• Data in this exercise:

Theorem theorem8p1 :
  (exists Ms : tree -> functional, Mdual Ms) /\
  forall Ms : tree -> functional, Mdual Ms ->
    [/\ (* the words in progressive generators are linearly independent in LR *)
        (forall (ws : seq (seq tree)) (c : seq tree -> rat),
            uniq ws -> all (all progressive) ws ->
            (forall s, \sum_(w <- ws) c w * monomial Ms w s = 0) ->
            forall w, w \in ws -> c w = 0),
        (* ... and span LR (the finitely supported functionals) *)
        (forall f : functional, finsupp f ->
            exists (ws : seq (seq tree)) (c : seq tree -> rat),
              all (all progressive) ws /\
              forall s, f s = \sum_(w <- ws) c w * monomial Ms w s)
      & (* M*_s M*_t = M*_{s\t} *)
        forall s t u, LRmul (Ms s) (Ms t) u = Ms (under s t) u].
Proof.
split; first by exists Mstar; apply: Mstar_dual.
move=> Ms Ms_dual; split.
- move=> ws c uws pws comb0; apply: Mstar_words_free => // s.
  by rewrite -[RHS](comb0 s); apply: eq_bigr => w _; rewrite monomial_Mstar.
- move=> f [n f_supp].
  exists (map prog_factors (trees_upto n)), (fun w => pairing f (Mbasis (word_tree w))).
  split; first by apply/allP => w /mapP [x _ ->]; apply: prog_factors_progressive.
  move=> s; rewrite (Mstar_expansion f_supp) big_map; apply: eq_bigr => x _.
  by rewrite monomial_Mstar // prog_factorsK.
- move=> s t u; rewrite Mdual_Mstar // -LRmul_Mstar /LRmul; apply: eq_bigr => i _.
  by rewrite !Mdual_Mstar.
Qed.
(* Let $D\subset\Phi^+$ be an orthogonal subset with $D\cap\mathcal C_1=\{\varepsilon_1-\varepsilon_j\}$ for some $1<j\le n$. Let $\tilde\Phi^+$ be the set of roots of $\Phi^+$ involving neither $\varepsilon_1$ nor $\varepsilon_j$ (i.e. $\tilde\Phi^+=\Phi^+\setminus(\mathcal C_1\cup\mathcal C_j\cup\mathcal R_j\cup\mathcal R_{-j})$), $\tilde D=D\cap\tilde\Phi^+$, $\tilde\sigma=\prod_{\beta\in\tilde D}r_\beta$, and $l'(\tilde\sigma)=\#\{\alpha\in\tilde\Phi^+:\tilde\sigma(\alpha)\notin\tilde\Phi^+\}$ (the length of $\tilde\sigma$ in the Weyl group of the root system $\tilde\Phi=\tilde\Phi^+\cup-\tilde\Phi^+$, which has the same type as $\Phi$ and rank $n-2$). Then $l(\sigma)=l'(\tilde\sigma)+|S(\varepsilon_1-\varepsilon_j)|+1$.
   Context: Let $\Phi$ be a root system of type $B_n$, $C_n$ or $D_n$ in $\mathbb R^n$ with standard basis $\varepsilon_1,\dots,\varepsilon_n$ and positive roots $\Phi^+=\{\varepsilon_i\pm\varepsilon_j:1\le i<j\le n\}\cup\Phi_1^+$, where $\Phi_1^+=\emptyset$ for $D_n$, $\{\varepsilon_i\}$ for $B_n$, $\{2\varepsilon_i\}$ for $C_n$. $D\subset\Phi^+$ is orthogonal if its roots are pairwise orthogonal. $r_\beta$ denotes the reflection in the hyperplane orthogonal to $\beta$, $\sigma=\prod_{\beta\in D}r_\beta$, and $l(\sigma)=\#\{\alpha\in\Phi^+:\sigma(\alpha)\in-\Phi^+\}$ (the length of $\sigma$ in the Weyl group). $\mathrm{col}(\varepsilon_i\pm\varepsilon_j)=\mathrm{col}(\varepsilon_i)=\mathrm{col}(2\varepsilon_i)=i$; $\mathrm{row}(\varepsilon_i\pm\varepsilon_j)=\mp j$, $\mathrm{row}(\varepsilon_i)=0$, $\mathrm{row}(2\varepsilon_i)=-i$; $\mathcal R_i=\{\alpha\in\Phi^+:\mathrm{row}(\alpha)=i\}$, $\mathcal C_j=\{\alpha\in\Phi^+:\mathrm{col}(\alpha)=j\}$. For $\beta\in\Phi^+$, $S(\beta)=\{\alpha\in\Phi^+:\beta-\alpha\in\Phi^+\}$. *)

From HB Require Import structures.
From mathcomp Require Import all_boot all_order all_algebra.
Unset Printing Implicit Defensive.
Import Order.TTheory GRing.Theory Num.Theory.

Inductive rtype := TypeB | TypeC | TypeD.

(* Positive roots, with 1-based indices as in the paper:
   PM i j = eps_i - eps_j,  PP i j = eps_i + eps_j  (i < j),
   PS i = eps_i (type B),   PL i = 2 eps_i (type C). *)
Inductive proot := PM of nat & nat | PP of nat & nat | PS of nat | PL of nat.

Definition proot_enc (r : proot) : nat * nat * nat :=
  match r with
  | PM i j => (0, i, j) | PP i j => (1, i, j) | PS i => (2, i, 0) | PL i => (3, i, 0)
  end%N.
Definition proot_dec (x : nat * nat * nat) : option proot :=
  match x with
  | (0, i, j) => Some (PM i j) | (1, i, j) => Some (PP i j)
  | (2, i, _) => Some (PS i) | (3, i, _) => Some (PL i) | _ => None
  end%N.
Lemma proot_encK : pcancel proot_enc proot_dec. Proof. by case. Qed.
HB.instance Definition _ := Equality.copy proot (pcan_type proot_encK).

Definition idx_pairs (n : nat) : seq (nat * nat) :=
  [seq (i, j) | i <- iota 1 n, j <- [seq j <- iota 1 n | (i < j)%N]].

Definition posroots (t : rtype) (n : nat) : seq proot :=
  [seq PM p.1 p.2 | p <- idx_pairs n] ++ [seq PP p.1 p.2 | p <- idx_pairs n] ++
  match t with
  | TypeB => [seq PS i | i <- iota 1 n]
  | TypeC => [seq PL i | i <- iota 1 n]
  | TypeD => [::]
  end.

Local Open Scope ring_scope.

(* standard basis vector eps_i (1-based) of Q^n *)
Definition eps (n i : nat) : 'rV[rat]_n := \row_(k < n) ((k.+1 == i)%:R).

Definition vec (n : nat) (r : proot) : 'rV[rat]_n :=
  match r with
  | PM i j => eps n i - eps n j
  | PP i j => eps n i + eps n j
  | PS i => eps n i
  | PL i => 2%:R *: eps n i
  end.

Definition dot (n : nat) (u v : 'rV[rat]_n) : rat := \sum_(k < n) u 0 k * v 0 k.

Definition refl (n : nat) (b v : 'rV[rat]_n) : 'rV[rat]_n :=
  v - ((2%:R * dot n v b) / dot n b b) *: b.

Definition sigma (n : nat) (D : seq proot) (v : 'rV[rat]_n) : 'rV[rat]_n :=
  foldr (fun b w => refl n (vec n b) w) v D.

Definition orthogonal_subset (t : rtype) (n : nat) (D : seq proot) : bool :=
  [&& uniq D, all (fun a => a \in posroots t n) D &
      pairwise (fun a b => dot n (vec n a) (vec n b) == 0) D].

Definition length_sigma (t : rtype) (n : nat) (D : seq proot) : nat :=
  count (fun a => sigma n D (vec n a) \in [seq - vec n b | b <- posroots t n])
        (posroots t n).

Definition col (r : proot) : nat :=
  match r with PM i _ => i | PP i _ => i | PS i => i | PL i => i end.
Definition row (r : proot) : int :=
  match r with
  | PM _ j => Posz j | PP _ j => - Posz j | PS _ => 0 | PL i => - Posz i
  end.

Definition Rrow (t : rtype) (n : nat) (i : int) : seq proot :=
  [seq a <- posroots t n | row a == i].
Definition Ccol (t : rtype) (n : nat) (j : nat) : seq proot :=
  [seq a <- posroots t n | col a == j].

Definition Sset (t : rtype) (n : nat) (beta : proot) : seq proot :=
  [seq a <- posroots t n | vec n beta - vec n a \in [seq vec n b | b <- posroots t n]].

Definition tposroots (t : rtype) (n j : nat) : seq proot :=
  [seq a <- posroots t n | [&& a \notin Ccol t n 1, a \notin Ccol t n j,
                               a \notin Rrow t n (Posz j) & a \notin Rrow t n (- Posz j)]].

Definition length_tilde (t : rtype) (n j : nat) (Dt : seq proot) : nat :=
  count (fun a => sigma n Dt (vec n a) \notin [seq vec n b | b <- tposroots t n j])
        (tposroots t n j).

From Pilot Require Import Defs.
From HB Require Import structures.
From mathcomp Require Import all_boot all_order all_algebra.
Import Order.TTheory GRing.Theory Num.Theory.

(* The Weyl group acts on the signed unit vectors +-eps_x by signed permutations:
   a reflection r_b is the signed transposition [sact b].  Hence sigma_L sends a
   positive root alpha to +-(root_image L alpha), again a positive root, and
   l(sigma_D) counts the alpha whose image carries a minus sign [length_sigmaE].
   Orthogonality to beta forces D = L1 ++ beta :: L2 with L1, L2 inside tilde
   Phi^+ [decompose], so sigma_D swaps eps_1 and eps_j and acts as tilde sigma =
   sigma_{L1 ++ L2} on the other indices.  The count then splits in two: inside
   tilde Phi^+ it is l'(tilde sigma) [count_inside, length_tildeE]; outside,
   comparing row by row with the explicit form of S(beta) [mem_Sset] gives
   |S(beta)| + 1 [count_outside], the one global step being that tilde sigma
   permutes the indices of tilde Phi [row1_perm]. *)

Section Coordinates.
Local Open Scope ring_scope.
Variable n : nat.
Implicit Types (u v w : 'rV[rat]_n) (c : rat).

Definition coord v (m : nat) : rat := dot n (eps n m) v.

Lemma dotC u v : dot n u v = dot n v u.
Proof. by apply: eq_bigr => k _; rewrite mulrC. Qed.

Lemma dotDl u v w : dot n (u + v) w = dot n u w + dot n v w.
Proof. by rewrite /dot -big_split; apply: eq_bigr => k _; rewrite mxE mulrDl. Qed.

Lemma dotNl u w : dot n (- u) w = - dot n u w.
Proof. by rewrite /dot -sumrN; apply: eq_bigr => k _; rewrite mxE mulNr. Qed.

• What the task asks:
Scan the material above for the string "TypeD" and return the lines that hold it.

• Response below:
Inductive rtype := TypeB | TypeC | TypeD.
  | TypeD => [::]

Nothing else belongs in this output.